Khushwant Singh: Reading the mind of the bigot

There is something loathsome about racial and religious bigotry. While racism has abated in recent years, religious fanaticism has taken an upward swing and assumed medieval proportions. The phenomenon is more evident in the Islamic world than in the Christian and the Hindu because Muslims have lost their past glory and are desperately trying to regain it. One section that is in a majority is trying to modernise themselves while the other believes that their salvation lies in reviving Shariat laws, as they are prescribed in the Koran and sayings of Prophet Mohammed with their draconian code of punishments: lopping of errant limbs, beheading men found guilty, stoning to death women caught in adultery. Such are the followers of Osama bin Laden, his Al-Qaida and the Taliban. They provide a lot of anti-Muslim ammunition to the western media and the Hindu-owned press in India.

I have done my best to understand the Muslim bigots’ point of view but without much success because there is very little written to explain it. I was, therefore, very eager to read Mohsin Hamid’s The Reluctant Fundamentalist (Penguin Viking). I had good reasons to do so; I had read his first novel Moth Smoke and gave it a favourite review; he is a Lahoria (from Lahore), so am I and would in all probability still be living there but for the partition of 1947. He is a product of Princeton University. I taught at Princeton long before he was born. I was fascinated by the way he described his own conversion from an Americanised Pakistani, a topper in his studies, holding a highly lucrative job in a prestigious consultancy firm and in love with a rich, beautiful Princtinian, who he is interested to marry. All this is detailed in felicitous prose, shorn of adjectives that Indian and Pakistani writers are prone to use in excess. The change is dramatic. He is on an assignment in Manila. He has done his job to the complete satisfaction of his employers and is packing up to return to New York. His TV is on. He sees the New York Trade Centre being rammed by a passenger plane and Pentagon in Washington being bombed. Instead of being appalled by the magnitude of death and destruction caused by these criminal acts committed in a country to which he owes so much, he says to himself: “Serves you Yankees right.” He feels a sense of pride at the precision with which the operations were carried out by Muslims who are ready to give up their lives for the cause of Islam. He justifies their actions as something Americans deserved to get for their arrogance and meddling in affairs of Muslim countries. He stops shaving and starts growing a beard. On arrival at New York he is subjected to body search and questioning by Immigration officials while his colleagues are let in without fuss — for no better reasons than that he bears a Muslim name and sports a beard.

He becomes a split personality. His mind is no longer in his work. His girlfriend is in a psychiatric clinic and no longer keen to marry him. On his next assignment in Chile he leaves his job unfinished and knows he will be sacked. But his mind is made up on hearing one word Jaan Nisaar — life sacrificer. They were a kind of suicide squad formed of young Christian slaves and trained as bodyguards of the Sultans of Turkey. So much as he owes to America, he returns to Lahore, takes up a job as a lecturer and becomes leader of the anti-American agitators.

The story is related to an American tourist he takes out to dinner in a dhaba in old Anarkali when all vehicular traffic is stopped at sunset and the ancient bazaar becomes one long colourfully lit eatery. It is a well-told story but I could not find any cogent arguments justifying his conversion from rationalism to fundamentalism.

No punctuation

Am I right in believing that none of our languages have ever used punctuation marks: no commas, colons, semi-colons, exclamation marks or even full stops? Why? And why has not any of our bhasha writers ever suggested that it is time we introduced them in languages recognised by our Constitution. We do not have to manufacture them; just take the whole lot from European languages and adapt them for our own purposes.

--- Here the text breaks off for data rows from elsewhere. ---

Definition DiscreteCat (J : Type) : Cat.
refine {| Ob := J; Hom i j := i = j; idm i := eq_refl; comp i j k v u := eq_trans u v |}.
- by [].
- by move=> i j u; exact: eq_trans_refl_l.
- by move=> i j k l u v w; rewrite eq_trans_assoc.
Defined.

Lemma card_le_Mor_discrete (J : Type) : card_le (Mor (DiscreteCat J)) J.
Proof.
exists (@projT1 _ _) => [[i [j u]] [i' [j' u']]] /= Ei.
by destruct u, u', Ei.
Qed.

Section Flat.
Variables (K : Type) (C : Cat) (M : Presheaf C).
Hypothesis M_flat : gamma_flat K M.

Lemma flat_cover (J : Type) (c : J -> Ob C) (m : forall j, P0 M (c j)) : card_lt J K ->
  exists d (n : P0 M d) (g : forall j, Hom C (c j) d), forall j, Pact M (g j) n = m j.
Proof.
move=> J_small.
pose cH i j (u : Hom (DiscreteCat J) i j) : Hom C (c j) (c i) :=
  match u in _ = j return Hom C (c j) (c i) with eq_refl => idm (c i) end.
have [//|i j k u v||i j u|d [n [g [_ g_lifts]]]] :=
  @flat_cocone (DiscreteCat J) C c cH _ _ K M M_flat _ m.
- by destruct u, v; rewrite /= comp_id_l.
- exact: card_le_lt_trans (card_le_Mor_discrete J) J_small.
- by destruct u; exact: Pact_id.
by exists d, n, g.
Qed.

Lemma flat_card_le_hom (J : Type) (c : Ob C) :
  card_lt J K -> card_le J (P0 M c) -> exists d, card_le J (Hom C c d).
Proof.
move=> J_small [f f_inj].
have [d [n [g g_lifts]]] := flat_cover (fun _ => c) f J_small.
by exists d, g => j j' Eg; apply: f_inj; rewrite -g_lifts -(g_lifts j') Eg.
Qed.

Lemma flat_presheaf_card_lt (Kbeta : Type) (c : Ob C) :
  card_lt Kbeta K -> (forall d, card_lt (Hom C c d) Kbeta) -> card_lt (P0 M c) K.
Proof.
move=> beta_lt_K hom_small.
case: (card_le_total (P0 M c) Kbeta) => [Mc_le_beta | beta_le_Mc].
  exact: card_le_lt_trans Mc_le_beta beta_lt_K.
have [d beta_le_hom] := flat_card_le_hom c beta_lt_K beta_le_Mc.
by case: (hom_small d).
Qed.
End Flat.

Section Elements.
Variables (C : Cat) (M : Presheaf C).

Definition ElemHom (i j : {c : Ob C & P0 M c}) : Type :=
  {f : Hom C (projT1 j) (projT1 i) | Pact M f (projT2 i) = projT2 j}.

Lemma elem_comp_subproof i j k (v : ElemHom j k) (u : ElemHom i j) :
  Pact M (comp (proj1_sig u) (proj1_sig v)) (projT2 i) = projT2 k.
Proof. by case: u v => [f Ef] [g Eg]; rewrite /= Pact_comp Ef Eg. Qed.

In many of our ancient scriptures even words were joined together with one line running from left to right across the pages. I recall having to battle with them when first inducted to read the Granth Sahib as a child. It not only made reading difficult but also led to confusion of meanings. It was said that a curse was placed on anyone who separated the words. It was only in the 1920s that scholars took courage and new editions of the scriptures with words separated were published. But to this day the only punctuation mark is a full stop in the form of a straight line like the letter ‘I’ and two ‘II’ at the end of every hymn.

Punctuation marks are important. If wrongly placed, they can change the meaning of the sentence. Rightly placed they help the reader in understanding what the writer wants to say. I wish some writer of eminence like Gurudev Rabindra Nath Tagore or Munshi Prem Chand or Allama Iqbal had taken the initiative in this direction. It is something our Sahitya Akademi and regional language academies could put on the top of their agendas and relegate giving awards to authors and translators as of lesser importance.

Satyamev Jayatey

A judge took his car for repair to his mechanic who was running his workshop in a rented house. On seeing the landlord abusing the car mechanic, he intervened.
Landlord: This mechanic is a liar and I don’t lie except in the courts.

Judge: Why so? Landlord: If I tell the truth, I would lose my case.